Equality, and by necessity a constitutional right to equality, is at
the heart of a compassionate democracy. While the Charter protects and advances many of our most cherished values, section 15 is at the heart of the Charter’s
vision for Canada. Finding a home for a privacy interest in our
understanding of human dignity, not only promotes a more fulsome
understanding of the many facets of privacy as a core value, but also
opens up new equality arguments for vulnerable and marginalized groups.
[1] 2002 SCC 84
[2] [1999] 3 S.C.R. 46.
[3] Then Justice Arbour took a different and radical approach to
section 7, and would have removed it from the limitations of its
placement in the “Legal Rights” section of the Charter. She left the Court soon after the Gosselin decision and her views have not gained traction at the Court so far.
[4] [1999] 1 S.C.R. 497.
[5] Ibid. at para. 59.
[6] The first two steps in the Law test are that the claimant establish
that he or she is a member of one of the enumerated or analogous
grounds listed in section 15 and that the impugned legislative
provision imposes a burden or denies a benefit to the claimant on the
basis of the ground.
[7] Ibid. at para. 53.
[8] A number of philosophers have connected privacy to human dignity,
and explained the relationship between the two as harmonious and even
symbiotic in nature.
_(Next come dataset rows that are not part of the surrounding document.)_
(* Every element of the orbit of a dominant lam lies below lam for <=_{Q^vee},
   so lam is the only dominant element of its orbit; hence at each mu at most
   one term x_lam E(lam) is non-zero, the family is summable, and its sum takes
   the value x_lam on W^v lam.  The inequality is proved by induction on the
   length d(mu) of a shortest word carrying lam to mu: if alpha_i(mu) < 0 then
   d(r_i mu) < d(mu).  Passing to an element of the orbit that is dominant for
   the pair (i, j), j the last letter of such a word, this reduces to the
   dihedral group <r_i, r_j>, handled by an explicit computation: an invariant
   cone when a_ij a_ji >= 4, the braid relations of order 2, 3, 4, 6 otherwise.
   Conversely, if g is invariant and alpha_i(mu) < 0 for mu in its support,
   then r_i mu > mu is still in the support, which is bounded above by a
   finite set; a height count shows that these moves stop at a dominant
   element, so supports lie in Y^+ and g is the sum of the g(lam) E(lam). *)

From Pilot Require Import Defs.
From HB Require Import structures.
From mathcomp Require Import all_boot all_order all_algebra.
From mathcomp Require Import ring zify.
From Stdlib Require Import ClassicalEpsilon.
Set Implicit Arguments. Unset Strict Implicit. Unset Printing Implicit Defensive.
Import Order.TTheory GRing.Theory Num.Theory.
Local Open Scope ring_scope.

Lemma pairingB n (x u v : lat n) : pairing x (u - v) = pairing x u - pairing x v.
Proof. by rewrite /pairing -sumrB; apply: eq_bigr => k _; rewrite !mxE mulrBr. Qed.

Lemma pairingZ n (x v : lat n) c : pairing x (c *: v) = c * pairing x v.
Proof. by rewrite /pairing mulr_sumr; apply: eq_bigr => k _; rewrite mxE mulrCA. Qed.

Section Sums.
Variables (R : pzRingType) (n : nat) (J : eqType) (P : J -> Prop) (F : J -> lat n -> R).

Lemma is_sum_zero g mu : is_sum P F g -> (forall j, P j -> F j mu = 0) -> g mu = 0.
Proof.
move=> hs hz; have [s [_ sP _ ->]] := hs mu.
by rewrite big1_seq // => j /andP [_ /sP]; apply: hz.
Qed.

Lemma is_sum_single g mu j0 :
  is_sum P F g -> P j0 -> (forall j, P j -> F j mu != 0 -> j = j0) -> g mu = F j0 mu.
Proof.
move=> hs Pj0 uniq0; have [s [us sP supp ->]] := hs mu.
have other j : j \in s -> j != j0 -> F j mu = 0.
  by move=> /sP Pj; apply: contraNeq => /(uniq0 _ Pj) ->.
have [j0s|j0s] := boolP (j0 \in s).
  rewrite (bigD1_seq j0) //= big1_seq ?addr0 // => j /andP [? ?].
  exact: other.
have -> : F j0 mu = 0 by apply: contraNeq j0s; apply: supp.
rewrite big1_seq // => j /andP [_ js].
by have [->|] := eqVneq j j0; [apply: contraNeq j0s; apply: supp | apply: other].
Qed.

Lemma is_sum_exists :
  (forall mu j j', P j -> P j' -> F j mu != 0 -> F j' mu != 0 -> j = j') ->
  exists g, is_sum P F g.
Proof.
move=> uniqF.
pose g mu := if excluded_middle_informative (exists j, P j /\ F j mu != 0) is left h
  then F (proj1_sig (constructive_indefinite_description _ h)) mu else 0.
exists g => mu; rewrite /g; case: excluded_middle_informative => [h|none].
  case: constructive_indefinite_description => j0 [Pj0 Fj0] /=.
  exists [:: j0]; split; rewrite ?big_seq1 //.
  - by move=> j; rewrite inE => /eqP ->.
  - by move=> j Pj Fj; rewrite inE (uniqF mu j j0).
exists [::]; split; rewrite ?big_nil // => j Pj Fj.
by case: none; exists j.
Qed.

Lemma eq_is_sum g g' : is_sum P F g -> g =1 g' -> is_sum P F g'.
Proof. by move=> hs e mu; rewrite -e; apply: hs. Qed.

End Sums.

(** * Dihedral computations *)

(* A state (p, q, x, y) stands for v + p alpha_i^vee + q alpha_j^vee, with
   x, y its values under alpha_i, alpha_j; refl_i and refl_j are r_i and r_j
   in these coordinates, for a = - a_ij and b = - a_ji.  Words in <r_i, r_j>
   are encoded as boolean sequences, true standing for r_i. *)
Record rank2_state := Rank2State { coef_i : int; coef_j : int; val_i : int; val_j : int }.

Definition state0 (x y : int) := Rank2State 0 0 x y.

Section Rank2.
Variables a b : int.

Definition refl_i s :=
  Rank2State (coef_i s - val_i s) (coef_j s) (- val_i s) (val_j s + a * val_i s).
Definition refl_j s :=
  Rank2State (coef_i s) (coef_j s - val_j s) (val_i s + b * val_j s) (- val_j s).
Definition refl2 (c : bool) := if c then refl_i else refl_j.

End Rank2.

Fixpoint alternating (c : bool) (k : nat) : seq bool :=
  if k is k'.+1 then c :: alternating (~~ c) k' else [::].

Lemma size_alternating c k : size (alternating c k) = k.
Proof. by elim: k c => //= k IH c; rewrite IH. Qed.

Lemma alternatingD c p q :
  alternating c (p + q) = alternating c p ++ alternating (c (+) odd p) q.
Proof.
elim: p c => [|p IH] c /=; first by rewrite addbF.
by rewrite IH addbN addNb.
Qed.

Lemma alternatingSr c m : alternating c m.+1 = rcons (alternating c m) (c (+) odd m).
Proof. by rewrite -addn1 alternatingD cats1. Qed.

Lemma bool_seq_split (w : seq bool) :
  (exists w1 c w2, w = w1 ++ c :: c :: w2) \/ exists c, w = alternating c (size w).
Proof.
elim: w => [|c w [[w1 [d [w2 ->]]]|[d hw]]]; first by right; exists true.
- by left; exists (c :: w1), d, w2.
- have [ecd|hcd] := eqVneq c d; first subst d.
    case: w hw => [|e w] hw; first by right; exists c.
    by left; exists [::], c, (alternating (~~ c) (size w)); rewrite hw.
  have ed : d = ~~ c by case: c d hcd {hw} => [] [].
  by right; exists c; rewrite /= -ed -hw.
Qed.

Definition braid (a b : int) (m : nat) :=
  forall x y, let s := foldr (refl2 a b) (state0 x y) (alternating true m) in
              let s' := foldr (refl2 a b) (state0 x y) (alternating false m) in
  coef_i s = coef_i s' /\ coef_j s = coef_j s'.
Edward J. Bloustein reasoned:
The man [or woman] who is compelled to live every minute of
his [or her] life among others and whose every need, thought, desire,
fancy or gratification is subject to public scrutiny, has been deprived
of his [or her] individuality and human dignity. Such an individual
merges with the mass. His [or her] opinions, being public, tend never
to be different; his [or her] aspirations, being known, tend always to
be conventionally accepted ones; his [or her] feelings, being openly
exhibited, tend to lose their quality of unique personal warmth and
become the feelings of every man [or woman]. Such a being, although
sentient, is fungible; he [or she] is not an individual.
See: Edward J. Bloustein, “Privacy as an Aspect of Human Dignity: An Answer to Dean Prosser” in Schoeman, Ferdinand, eds. Philosophical Dimensions of Privacy: An Anthology, (Cambridge University Press, 1984 at page 188). See also: Jeffrey H. Reiman, “Privacy, Intimacy and Personhood” in Ibid, at page 305; Helen Nissenbaum, “Privacy as Contextual Integrity” (2004) 79 Wash. L. Rev. 119.
[9] R. v. O’Connor [1995] 4 SCR 411 at para 154.
[10] See Olmstead v. United States, 277 U.S. 438 (1928) (Brandeis J., dissenting).
[11] Warren & Brandeis, “The Right to Privacy” 4 Harv. L. Rev. 193, 194 (1890).